Trees, telephone poles and any other surface were tied in blue ribbons. “Franklin Strong” became a rallying cry uniting the entire community during its collective grief.

“I don’t think we could have survived without our family and friends. It showed you who your true friends were,” Van Meter said.

Office Pride, where Janet Moran works in the corporate office, has been particularly understanding about their loss. Office Pride owner Todd Hopkins and his wife, Michelle, have constantly checked in to see how she’s coping.

Beyond the cards and letters of condolence, her bosses and co-workers have been the support during the work day that her family has been the rest of the time.

They continue to work with her when the grief wells up.

“They get me through every day. They’re very caring, they’ve been with me through the whole thing,” Janet Moran said.

Time has helped dull the sharp edges of loss that Jason’s death brought. But the feelings of loss haven’t dissipated. They likely never will.

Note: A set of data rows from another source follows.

(* Let $K$ be a $p$-adic field and fix either the semi-algebraic or the subanalytic structure on $K$; ''definable'' refers to this structure. Let $X\subset K^r$ be a definable set, let $\lambda>0$, and let $f:X\to K$ be a definable $\lambda$-Lipschitz function. Let $X=\bigcup_{i=1}^k X_i$ be a finite covering of $X$ by definable subsets $X_i$, and put $f_i=f|_{X_i}$. Suppose that for each $i$, $f_i$ extends to a definable $\Lambda_i$-Lipschitz map $\tilde f_i:K^r\to K$, where $\Lambda_i\ge\lambda$. Then $f$ extends to a definable $\Lambda$-Lipschitz map $\tilde f:K^r\to K$, where $\Lambda=\max_i\Lambda_i$.
   Context: $K$ is a finite field extension of $\mathbb{Q}_p$, with valuation $\mathrm{ord}$, residue field of cardinality $q$, and norm $|x|=q^{-\mathrm{ord}(x)}$ (with $|0|=0$); $K^n$ carries the max-norm $|(x_1,\dots,x_n)|=\max_i|x_i|$. Definable means definable (with parameters) in the semi-algebraic structure (the field language on $K$) or in the subanalytic structure (the field language expanded by restricted analytic functions, i.e. functions on $\mathcal{O}_K^n$ given by convergent power series, extended by zero outside $\mathcal{O}_K^n$). A function $g:A\to K^s$ with $A\subset K^n$ is $\lambda$-Lipschitz if $|g(a)-g(b)|\le\lambda|a-b|$ for all $a,b\in A$. *)

From HB Require Import structures.
From mathcomp Require Import all_boot all_order all_algebra.
From mathcomp Require Import reals.
Set Implicit Arguments. Unset Strict Implicit. Unset Printing Implicit Defensive.
Import Order.TTheory GRing.Theory Num.Theory.
Local Open Scope ring_scope.

Section PAdic.
Variable K : fieldType.
Variable ord : K -> int.

(* "ord x >= N", with the convention ord 0 = +oo *)
Definition valge (x : K) (N : int) : Prop := x = 0 \/ N <= ord x.

Definition val_cauchy (u : nat -> K) : Prop :=
  forall M : int, exists N, forall m n, (N <= m)%N -> (N <= n)%N ->
    valge (u m - u n) M.

Definition val_converges (u : nat -> K) (L : K) : Prop :=
  forall M : int, exists N, forall n, (N <= n)%N -> valge (u n - L) M.

(* K is a p-adic field (finite extension of Q_p) with normalized discrete
   valuation ord and residue field of cardinality q: a complete discretely
   valued field of characteristic 0, whose valuation is positive on p, with
   finite residue field of q elements. *)
Record padic_field (p q : nat) : Prop := {
  pf_prime : prime p;
  pf_char0 : forall n : nat, (0 < n)%N -> n%:R != 0 :> K;
  pf_mul : forall x y, x != 0 -> y != 0 -> ord (x * y) = ord x + ord y;
  pf_add : forall x y, x != 0 -> y != 0 -> x + y != 0 ->
             Num.min (ord x) (ord y) <= ord (x + y);
  pf_unif : exists pi : K, pi != 0 /\ ord pi = 1;
  pf_p : valge p%:R 1;
  pf_residue : exists s : seq K, [/\ size s = q,
     forall i, (i < q)%N -> valge (nth 0 s i) 0,
     forall i j, (i < q)%N -> (j < q)%N -> i != j ->
        ~ valge (nth 0 s i - nth 0 s j) 1 &
     forall x, valge x 0 -> exists2 i, (i < q)%N & valge (x - nth 0 s i) 1];
  pf_complete : forall u, val_cauchy u -> exists L, val_converges u L
}.

(* restricted analytic functions: given on O_K^n by a power series with
   coefficients in K tending to 0, and extended by zero outside O_K^n *)
Definition psum n (c : ('I_n -> nat) -> K) (x : 'I_n -> K) (N : nat) : K :=
  \sum_(m : {ffun 'I_n -> 'I_N.+1} | (\sum_i (m i : nat) <= N)%N)
     c (fun i => (m i : nat)) * \prod_i x i ^+ m i.

Definition restricted_analytic n (F : ('I_n -> K) -> K) : Prop :=
  exists c : ('I_n -> nat) -> K,
   [/\ forall M : int, exists D, forall m : 'I_n -> nat,
          (D <= \sum_i m i)%N -> valge (c m) M,
       forall x, (forall i, valge (x i) 0) -> val_converges (psum c x) (F x) &
       forall x, ~ (forall i, valge (x i) 0) -> F x = 0].

Inductive term : Type :=
| TVar of nat
| TConst of K
| TAdd of term & term
| TMul of term & term
| TFn (n : nat) (F : ('I_n -> K) -> K) (ts : 'I_n -> term).

Inductive formula : Type :=
| FEq of term & term
| FNot of formula
| FAnd of formula & formula
| FEx of nat & formula.

Fixpoint teval (e : nat -> K) (t : term) : K :=
  match t with
  | TVar i => e i
  | TConst c => c
  | TAdd a b => teval e a + teval e b
  | TMul a b => teval e a * teval e b
  | TFn n F ts => F (fun i => teval e (ts i))
  end.

Definition upd (e : nat -> K) (i : nat) (y : K) : nat -> K :=
  fun j => if j == i then y else e j.

Fixpoint holds (e : nat -> K) (phi : formula) : Prop :=
  match phi with
  | FEq a b => teval e a = teval e b
  | FNot f => ~ holds e f
  | FAnd f g => holds e f /\ holds e g
  | FEx i f => exists y : K, holds (upd e i y) f
  end.

(* which function symbols are allowed: an = false : semi-algebraic structure
   (pure field language), an = true : subanalytic structure *)
Definition allowed (an : bool) n (F : ('I_n -> K) -> K) : Prop :=
  an = true /\ restricted_analytic F.

Fixpoint tadm (an : bool) (t : term) : Prop :=
  match t with
  | TVar _ | TConst _ => True
  | TAdd a b | TMul a b => tadm an a /\ tadm an b
  | TFn n F ts => allowed an F /\ forall i, tadm an (ts i)
  end.

Fixpoint fadm (an : bool) (phi : formula) : Prop :=
  match phi with
  | FEq a b => tadm an a /\ tadm an b
  | FNot f => fadm an f
  | FAnd f g => fadm an f /\ fadm an g
  | FEx _ f => fadm an f
  end.

Definition env_of r (x : 'rV[K]_r) : nat -> K :=
  fun i => oapp (fun j : 'I_r => x ord0 j) 0 (insub i).

Definition definable_set (an : bool) r (A : 'rV[K]_r -> Prop) : Prop :=
  exists phi, fadm an phi /\ forall x, A x <-> holds (env_of x) phi.

(* f restricted to A is definable: its graph {(x, f x) | x in A} in K^(r+1)
   (last coordinate = variable r) is definable *)
Definition definable_fun (an : bool) r (A : 'rV[K]_r -> Prop)
    (f : 'rV[K]_r -> K) : Prop :=
  exists phi, fadm an phi /\
    forall x y, (A x /\ y = f x) <-> holds (upd (env_of x) r y) phi.

Variable R : realType.
Variable q : nat.

Definition absK (x : K) : R := if x == 0 then 0 else (q%:R : R) ^ (- ord x).

Definition normv r (x : 'rV[K]_r) : R := \big[Num.max/0]_(i < r) absK (x ord0 i).

Definition lipschitz_on r (A : 'rV[K]_r -> Prop) (f : 'rV[K]_r -> K) (l : R) :=
  forall a b, A a -> A b -> absK (f a - f b) <= l * normv (a - b).

End PAdic.

From HB Require Import structures.
From mathcomp Require Import all_boot all_order all_algebra.
From mathcomp Require Import reals.
From mathcomp Require Import ring zify.
From Stdlib Require Import Classical FunctionalExtensionality ClassicalEpsilon.
Import Order.TTheory GRing.Theory Num.Theory.
Local Open Scope ring_scope.
Set Implicit Arguments. Unset Strict Implicit. Unset Printing Implicit Defensive.

(* Let [i(x)] be the least index of a piece [X_i] at minimal distance from
   [x], and put [F x = ft_(i(x)) x]; on [X] this is [f x].  If every point of
   [X_(i(x))] is farther from [x] than [y] is, the ultrametric inequality
   makes the distances from [y] to all pieces equal to those from [x], so
   [i(y) = i(x)] and one extension gives the Lipschitz bound.  Otherwise, and
   symmetrically for [y], there are [a] in [X_(i(x))] and [b] in [X_(i(y))]
   with [|x - a|, |y - b| <= |x - y|], and the ultrametric inequality applied to
   [(ft_i x - ft_i a) + (f a - f b) + (ft_j b - ft_j y)] gives the bound.
   [F] is definable because distance comparisons are: [|s| <= |t|] iff [s = z t]
   with [z] integral, and by Hensel's lemma [z] is integral iff [1 + pi z^l] is
   an [l]-th power, for [l = 2] ([l = 3] when [p = 2]). *)


Section Valuation.
Variables (K : fieldType) (ord : K -> int).

Lemma valge0 N : valge ord 0 N.
Proof. by left. Qed.

Lemma valgeW x N M : M <= N -> valge ord x N -> valge ord x M.
Proof. by move=> hMN [->|h]; [left|right; apply: le_trans h]. Qed.

Lemma valge_all_eq0 x : (forall M, valge ord x M) -> x = 0.
Proof. by move=> h; case: (h (ord x + 1)) => // hl; lia. Qed.

Variables p q : nat.
Hypothesis HK : padic_field ord p q.

Lemma ord_one : ord 1 = 0.
Proof.
have := pf_mul HK (oner_neq0 K) (oner_neq0 K); rewrite mulr1 => h.
by apply/eqP; rewrite -(subrr (ord 1)) {2}h addrK.
Qed.

Lemma ord_inv x : x != 0 -> ord x^-1 = - ord x.
Proof.
by move=> hx; have := pf_mul HK hx (invr_neq0 hx); rewrite mulfV // ord_one; lia.
Qed.

Lemma ord_opp x : x != 0 -> ord (- x) = ord x.
Proof.
have n1 : (-1 : K) != 0 by rewrite oppr_eq0 oner_neq0.
have ordN1 : ord (-1) = 0.
  have := pf_mul HK n1 n1; rewrite mulrNN mulr1 ord_one; lia.
by move=> hx; rewrite -mulN1r (pf_mul HK) // ordN1 add0r.
Qed.

Lemma ord_exp x n : x != 0 -> ord (x ^+ n) = n%:Z * ord x.
Proof.
move=> hx; elim: n => [|n IH]; first by rewrite expr0 ord_one mul0r.
by rewrite exprS (pf_mul HK) ?expf_neq0 // IH; lia.
Qed.

Lemma ord_add_lt x y : x != 0 -> y != 0 -> ord y < ord x ->
  x + y != 0 /\ ord (x + y) = ord y.
Proof.
move=> x0 y0 hlt; have s0 : x + y != 0.
  apply: contraTneq hlt => /eqP; rewrite addr_eq0 => /eqP ->.
  by rewrite ord_opp // ltxx.
split => //; apply/eqP; rewrite eq_le; apply/andP; split; last first.
  have := pf_add HK x0 y0 s0; rewrite ge_min => /orP[h|//].
  exact: le_trans (ltW hlt) h.
have nx0 : - x != 0 by rewrite oppr_eq0.
have := pf_add HK s0 nx0; rewrite addrAC subrr add0r ord_opp // => /(_ y0).
by rewrite ge_min (lt_geF hlt) orbF.
Qed.

Lemma valgeN x N : valge ord x N -> valge ord (- x) N.
Proof.
case: (eqVneq x 0) => [->|hx]; first by rewrite oppr0.
by case=> [->|h]; [rewrite oppr0; left|right; rewrite ord_opp].
Qed.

Janet Moran has only recently been able to look at pictures of her son. The family has mounted framed photographs of him in their living room. Jason in his football uniform, in past school pictures and hanging out with his family showcase his smiling face.

A shot of Jason posing with his older brother, Jacob Moran, has been blown up to nearly poster size. The two boys are both wearing football uniforms, both in No. 28, taken when Jason was a freshman and Jacob was a senior at Franklin.

“A part of me is gone,” Janet Moran said. “But then, I feel he’s still here with me a lot, too.”